-- Exercise directions --
From the line with "(Rabs y)). lra." through the line with "(ex_RInt_continuous (V := R_CompleteNormedModule)).", inclusive, return each line of the data below exactly and leave the rest out.

-- Entries supplied --
(* For every positive integer $n$, $$\int_0^1 \ln \left(1-\sqrt{x}\right) P_{n}(2 x-1) \, dx=\frac{(-1)^n - 4 n - 2}{2 n (n + 1) (2 n + 1)}.$$
   Context: $P_n$ denotes the $n$-th Legendre polynomial, $P_n(x) = \frac{1}{2^n n!}\frac{d^n}{dx^n}(x^2-1)^n$. *)

From Stdlib Require Import Reals.
From Coquelicot Require Import Coquelicot.
Open Scope R_scope.

Definition Legendre (n : nat) (x : R) : R :=
  / (2 ^ n * INR (Factorial.fact n)) * Derive_n (fun y => (y ^ 2 - 1) ^ n) n x.

(* Substituting x = t^2 turns the integral into the integral over [0,1] of
   2t ln(1-t) P(t^2), where P(x) = P_n(2x-1) is the shifted Legendre
   polynomial.  Legendre's equation in Sturm-Liouville form,
   (u(1-u)P'(u))' = -n(n+1)P(u), writes 2t P(t^2) as the derivative of
   -t^2(1-t^2)P'(t^2)/(n(n+1)); one integration by parts against ln(1-t) then
   leaves a polynomial integrand, which gives an explicit antiderivative.  It
   is continuous at t = 1 because (1-t) ln(1-t) -> 0, and its value there only
   involves P(1) = 1, the integral of P over [0,1] (which is 0) and that of
   P(t^2) (which is (-1)^n/(2n+1)).  In the monomial basis these are
   alternating binomial sums, i.e. n-th finite differences, of (k+1)_n times
   1, 1/(k+1) and 1/(2k+1), which have closed forms. *)

From Stdlib Require Import Reals Lra Lia.
From Coquelicot Require Import Coquelicot.
Open Scope R_scope.

Lemma pow_m1_sub k n : (k <= n)%nat -> (-1) ^ (n - k) = (-1) ^ (n + k).
Proof.
  intro Hk. replace (n + k)%nat with (n - k + 2 * k)%nat by lia.
  rewrite pow_add, pow_mult. replace ((-1) ^ 2) with 1 by ring. rewrite pow1. ring.
Qed.

Lemma binomial_0 n : Binomial.C n 0 = 1.
Proof.
  unfold Binomial.C. rewrite Nat.sub_0_r. simpl.
  pose proof (INR_fact_neq_0 n). field. auto.
Qed.

Lemma binomial_diag n : Binomial.C n n = 1.
Proof.
  unfold Binomial.C. rewrite Nat.sub_diag. simpl.
  pose proof (INR_fact_neq_0 n). field. auto.
Qed.

Lemma binomial_mul_shift n b y :
  (y * (y + b)) ^ n = sum_f_R0 (fun i => Binomial.C n i * b ^ (n - i) * y ^ (n + i)) n.
Proof.
  rewrite Rpow_mult_distr, binomial, scal_sum. apply sum_eq; intros i _.
  rewrite pow_add; ring.
Qed.

Lemma sum_f_R0_telescope (d e : nat -> R) n :
  d 0%nat = 0 -> (forall k, (k < n)%nat -> d (S k) = - e k) ->
  sum_f_R0 (fun k => d k + e k) n = e n.
Proof.
  intros H0 HS; induction n as [|n IH]; simpl; [rewrite H0; ring |].
  rewrite IH, HS by auto. ring.
Qed.

Lemma Derive_n_comp_affine (f : R -> R) (s t : R) (n : nat) (x : R) :
  (forall k y, ex_derive_n f k y) ->
  Derive_n (fun y => f (s * y + t)) n x = s ^ n * Derive_n f n (s * x + t).
Proof.
  intro Hf. rewrite (Derive_n_comp_scal (fun y => f (y + t))).
  - now rewrite Derive_n_comp_trans.
  - apply filter_forall; intros y k _. now apply ex_derive_n_comp_trans.
Qed.

Lemma ln_nonpos x : x <= 0 -> ln x = 0.
Proof. intro Hx. unfold ln. destruct (Rlt_dec 0 x); [exfalso; lra | reflexivity]. Qed.

Lemma Rabs_mult_ln_le x : 0 < x < 1 -> Rabs (x * ln x) <= 2 * sqrt x.
Proof.
  intro Hx. set (r := sqrt x).
  assert (Hr : 0 < r) by (apply sqrt_lt_R0; lra).
  assert (Hxr : x = r * r) by (unfold r; rewrite sqrt_sqrt; lra).
  assert (Hln : ln x = 2 * ln r) by (rewrite Hxr, ln_mult by lra; ring).
  assert (Hneg : ln x < 0) by (rewrite <- ln_1; apply ln_increasing; lra).
  assert (Hinv : ln (/ r) <= / r - 1).
  { pose proof (exp_ineq1_le (ln (/ r))) as H.
    rewrite exp_ln in H by (apply Rinv_0_lt_compat; lra). lra. }
  rewrite ln_Rinv in Hinv by lra.
  assert (Hrln : - r * ln r <= 1 - r).
  { replace (1 - r) with (r * (/ r - 1)) by (field; lra).
    replace (- r * ln r) with (r * - ln r) by ring. apply Rmult_le_compat_l; lra. }
  rewrite Rabs_left by nra. rewrite Hln, Hxr. nra.
Qed.

(* Two-sided, since [ln] vanishes on nonpositive reals. *)
Lemma continuous_mult_ln_0 : continuous (fun x => x * ln x) 0.
Proof.
  assert (Hb : continuous (fun x => 2 * sqrt (Rabs x)) 0).
  { apply (continuous_mult (fun _ => 2)); [apply continuous_const |].
    apply continuous_sqrt_comp, continuous_Rabs_comp, continuous_id. }
  assert (Hlo := continuous_opp _ _ Hb).
  unfold continuous in *. rewrite Rmult_0_l.
  rewrite Rabs_R0, sqrt_0, Rmult_0_r in Hb, Hlo.
  change (opp 0) with (- 0) in Hlo. rewrite Ropp_0 in Hlo.
  apply (filterlim_le_le (fun x => - (2 * sqrt (Rabs x))) _ (fun x => 2 * sqrt (Rabs x)) 0).
  - apply (locally_interval _ 0 (-1) 1); simpl; try lra. intros y Hy1 Hy2.
    destruct (Rle_or_lt y 0) as [Hy0 | Hy0].
    + rewrite ln_nonpos by exact Hy0. rewrite Rmult_0_r. pose proof (sqrt_pos (Rabs y)). lra.
    + rewrite Rabs_pos_eq by lra. apply Rabs_le_between, Rabs_mult_ln_le. lra.
  - exact Hlo.
  - exact Hb.
Qed.

Lemma is_RInt_comp_sq (g G : R -> R) (s : R) :
  0 <= s ->
  (forall x, 0 <= x <= s ^ 2 -> continuous g x) ->
  (forall t, 0 <= t <= s -> is_derive G t (2 * t * g (t ^ 2))) ->
  is_RInt g 0 (s ^ 2) (G s - G 0).
Proof.
  intros Hs Hg HG.
  assert (Hg_sq : forall t, 0 <= t <= s -> continuous (fun t => g (t ^ 2)) t).
  { intros t Ht. apply (continuous_comp (fun t => t ^ 2) g).
    - apply (ex_derive_continuous (V := R_NormedModule)). auto_derive. easy.
    - apply Hg. split; [nra | apply pow_incr; lra]. }
  assert (Hsub : is_RInt (fun t => 2 * t * g (t ^ 2)) 0 s (RInt g 0 (s ^ 2))).
  { replace 0 with (0 ^ 2) at 2 by ring.
    apply (is_RInt_ext (fun t => scal (2 * t) (g (t ^ 2)))); [intros; reflexivity |].
    apply (is_RInt_comp (V := R_CompleteNormedModule));
      rewrite Rmin_left, Rmax_right by lra; intros t Ht.
    - apply Hg. split; [nra | apply pow_incr; lra].
    - split; [auto_derive; [easy | ring] |].
      apply (ex_derive_continuous (V := R_NormedModule)). auto_derive. easy. }
  assert (Hftc : is_RInt (fun t => 2 * t * g (t ^ 2)) 0 s (G s - G 0)).
  { apply (is_RInt_derive G); rewrite Rmin_left, Rmax_right by lra; intros t Ht.
    - now apply HG.
    - apply (continuous_mult (K := R_AbsRing)); [| now apply Hg_sq].
      apply (ex_derive_continuous (V := R_NormedModule)). auto_derive. easy. }
  rewrite <- (is_RInt_unique _ _ _ _ Hftc), (is_RInt_unique _ _ _ _ Hsub).
  apply (RInt_correct (V := R_CompleteNormedModule)),
    (ex_RInt_continuous (V := R_CompleteNormedModule)).
  rewrite Rmin_left, Rmax_right by nra. exact Hg.
Qed.

Lemma is_RInt_gen_at_left_lim (f F : R -> R) (a c l : R) :
  a < c -> (forall b, a <= b < c -> is_RInt f a b (F b)) ->
  filterlim F (at_left c) (locally l) ->
  is_RInt_gen f (at_point a) (at_left c) l.
Proof.
  intros Hac HF Hlim P HP.
  apply Filter_prod with (fun x => x = a) (fun b => a <= b < c /\ P (F b)).
  - reflexivity.
  - apply filter_and; [| exact (Hlim P HP)].
    apply (locally_interval _ c a p_infty); simpl; auto.
    intros y Hy _ Hyc. lra.
  - intros x y -> [Hy HPy]. exists (F y). split; [now apply HF | exact HPy].
Qed.

Definition powsum (c : nat -> R) (e : nat -> nat) (N : nat) (x : R) : R :=
  sum_f_R0 (fun i => c i * x ^ e i) N.

Lemma is_derive_powsum c e N x :
  is_derive (powsum c e N) x (powsum (fun i => c i * INR (e i)) (fun i => e i - 1)%nat N x).
Proof.
  unfold powsum; induction N as [|N IH]; simpl.
  - replace (e 0%nat - 1)%nat with (pred (e 0%nat)) by lia.
    auto_derive; [easy | ring].
  - apply (is_derive_plus (fun x => sum_f_R0 (fun i => c i * x ^ e i) N)
             (fun x => c (S N) * x ^ e (S N))); [exact IH |].
    replace (e (S N) - 1)%nat with (pred (e (S N))) by lia.
    auto_derive; [easy | ring].
Qed.

Lemma Derive_powsum c e N x :
  Derive (powsum c e N) x = powsum (fun i => c i * INR (e i)) (fun i => e i - 1)%nat N x.
Proof. exact (is_derive_unique _ _ _ (is_derive_powsum c e N x)). Qed.

Fixpoint falling (e m : nat) : R :=
  match m with 0%nat => 1 | S m => falling e m * INR (e - m) end.

Lemma Derive_n_powsum c e N m x :
  Derive_n (powsum c e N) m x =
  powsum (fun i => c i * falling (e i) m) (fun i => e i - m)%nat N x.
Proof.
  revert x; induction m as [|m IH]; intro x; simpl.
  - apply sum_eq; intros i _. rewrite Nat.sub_0_r; ring.
  - rewrite (Derive_ext _ _ _ IH), Derive_powsum.
    apply sum_eq; intros i _. replace (e i - m - 1)%nat with (e i - S m)%nat by lia. ring.
Qed.

Lemma ex_derive_n_powsum c e N m x : ex_derive_n (powsum c e N) m x.
Proof.
  destruct m as [|m]; simpl; [easy |].
  apply (ex_derive_ext (powsum (fun i => c i * falling (e i) m) (fun i => e i - m)%nat N)).
  - intro t. symmetry. apply Derive_n_powsum.
  - eexists. apply is_derive_powsum.
Qed.

(** * Rising factorials and iterated differences *)

Fixpoint rising (x : R) (m : nat) : R :=
  match m with 0%nat => 1 | S m => rising x m * (x + INR m) end.

Lemma rising_S_l x m : rising x (S m) = x * rising (x + 1) m.
Proof.
  induction m as [|m IH]; [simpl; ring |].
  cbn [rising] in *. rewrite IH, S_INR. ring.
Qed.

Lemma rising_pos x m : 0 < x -> 0 < rising x m.
Proof.
  intro Hx; induction m as [|m IH]; cbn [rising]; [lra |].
  apply Rmult_lt_0_compat; [exact IH |]. pose proof (pos_INR m); lra.
Qed.

Lemma falling_add_rising n k : falling (n + k) n = rising (INR k + 1) n.
Proof.
  revert k; induction n as [|n IH]; intro k; [reflexivity |].
  rewrite rising_S_l. cbn [falling].
  replace (S n + k)%nat with (n + S k)%nat by lia.
  rewrite IH, S_INR. replace (n + S k - n)%nat with (S k) by lia. rewrite S_INR. ring.
Qed.

(* [negdiff n f] is (-Delta)^n f evaluated at 0, Delta being the forward difference. *)
Fixpoint negdiff (n : nat) (f : nat -> R) : R :=
  match n with 0%nat => f 0%nat | S n => negdiff n f - negdiff n (fun k => f (S k)) end.

Lemma negdiff_ext n f g : (forall k, f k = g k) -> negdiff n f = negdiff n g.
Proof.
  revert f g; induction n as [|n IH]; intros f g Hfg; simpl; [apply Hfg |].
  now rewrite (IH f g), (IH (fun k => f (S k)) (fun k => g (S k))).
Qed.

Lemma negdiff_lin n f g (p q : R) :
  negdiff n (fun k => p * f k + q * g k) = p * negdiff n f + q * negdiff n g.
Proof.
  revert f g; induction n as [|n IH]; intros f g; simpl; [ring |].
  rewrite IH, (IH (fun k => f (S k)) (fun k => g (S k))). ring.
Qed.

Lemma negdiff_scal n f p : negdiff n (fun k => p * f k) = p * negdiff n f.
Proof.
  rewrite (negdiff_ext _ _ (fun k => p * f k + 0 * f k)) by (intro; ring).
  rewrite negdiff_lin. ring.
Qed.

Lemma negdiff_S n f : negdiff (S n) f = negdiff n (fun k => f k - f (S k)).
Proof.
  rewrite (negdiff_ext n (fun k => f k - f (S k)) (fun k => 1 * f k + (-1) * f (S k)))
    by (intro; ring).
  rewrite negdiff_lin. simpl. ring.
Qed.

Lemma negdiff_binomial n f :
  negdiff n f = sum_f_R0 (fun k => (-1) ^ k * Binomial.C n k * f k) n.
Proof.
  revert f; induction n as [|n IH]; intro f.
  - simpl. rewrite binomial_0. ring.
  - cbn [negdiff]. rewrite !IH. destruct n as [|m].
    + simpl. rewrite (binomial_0 0), (binomial_0 1), (binomial_diag 1). ring.
    + rewrite (decomp_sum _ (S (S m))), (decomp_sum _ (S m)) by lia. simpl pred.
      rewrite !(tech5 _ m).
      rewrite (sum_eq (fun i => (-1) ^ S i * Binomial.C (S (S m)) (S i) * f (S i))
        (fun i => (-1) ^ S i * Binomial.C (S m) (S i) * f (S i)
                  + (-1) ^ i * Binomial.C (S m) i * f (S i) * (-1))).
      2: { intros i Hi. rewrite <- pascal by lia. simpl pow. ring. }
      rewrite plus_sum, <- scal_sum, !binomial_0, !binomial_diag. simpl pow. ring.
Qed.

Lemma negdiff_const n c : negdiff (S n) (fun _ => c) = 0.
Proof.
  rewrite negdiff_S, (negdiff_ext n _ (fun _ => 0 * 0)) by (intro; ring).
  rewrite negdiff_scal. ring.
Qed.

Lemma negdiff_rising_S n m c :
  negdiff (S n) (fun k => rising (INR k + c) (S m)) =
  - INR (S m) * negdiff n (fun k => rising (INR k + (c + 1)) m).
Proof.
  rewrite negdiff_S, <- negdiff_scal. apply negdiff_ext; intro k.
  rewrite rising_S_l, !S_INR. cbn [rising].
  replace (INR k + 1 + c) with (INR k + (c + 1)) by ring.
  replace (INR k + c + 1) with (INR k + (c + 1)) by ring. ring.
Qed.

-- Solution for this problem --
    + rewrite ln_nonpos by exact Hy0. rewrite Rmult_0_r. pose proof (sqrt_pos (Rabs y)). lra.
    + rewrite Rabs_pos_eq by lra. apply Rabs_le_between, Rabs_mult_ln_le. lra.
  - exact Hlo.
  - exact Hb.
Qed.

Lemma is_RInt_comp_sq (g G : R -> R) (s : R) :
  0 <= s ->
  (forall x, 0 <= x <= s ^ 2 -> continuous g x) ->
  (forall t, 0 <= t <= s -> is_derive G t (2 * t * g (t ^ 2))) ->
  is_RInt g 0 (s ^ 2) (G s - G 0).
Proof.
  intros Hs Hg HG.
  assert (Hg_sq : forall t, 0 <= t <= s -> continuous (fun t => g (t ^ 2)) t).
  { intros t Ht. apply (continuous_comp (fun t => t ^ 2) g).
    - apply (ex_derive_continuous (V := R_NormedModule)). auto_derive. easy.
    - apply Hg. split; [nra | apply pow_incr; lra]. }
  assert (Hsub : is_RInt (fun t => 2 * t * g (t ^ 2)) 0 s (RInt g 0 (s ^ 2))).
  { replace 0 with (0 ^ 2) at 2 by ring.
    apply (is_RInt_ext (fun t => scal (2 * t) (g (t ^ 2)))); [intros; reflexivity |].
    apply (is_RInt_comp (V := R_CompleteNormedModule));
      rewrite Rmin_left, Rmax_right by lra; intros t Ht.
    - apply Hg. split; [nra | apply pow_incr; lra].
    - split; [auto_derive; [easy | ring] |].
      apply (ex_derive_continuous (V := R_NormedModule)). auto_derive. easy. }
  assert (Hftc : is_RInt (fun t => 2 * t * g (t ^ 2)) 0 s (G s - G 0)).
  { apply (is_RInt_derive G); rewrite Rmin_left, Rmax_right by lra; intros t Ht.
    - now apply HG.
    - apply (continuous_mult (K := R_AbsRing)); [| now apply Hg_sq].
      apply (ex_derive_continuous (V := R_NormedModule)). auto_derive. easy. }
  rewrite <- (is_RInt_unique _ _ _ _ Hftc), (is_RInt_unique _ _ _ _ Hsub).
  apply (RInt_correct (V := R_CompleteNormedModule)),
    (ex_RInt_continuous (V := R_CompleteNormedModule)).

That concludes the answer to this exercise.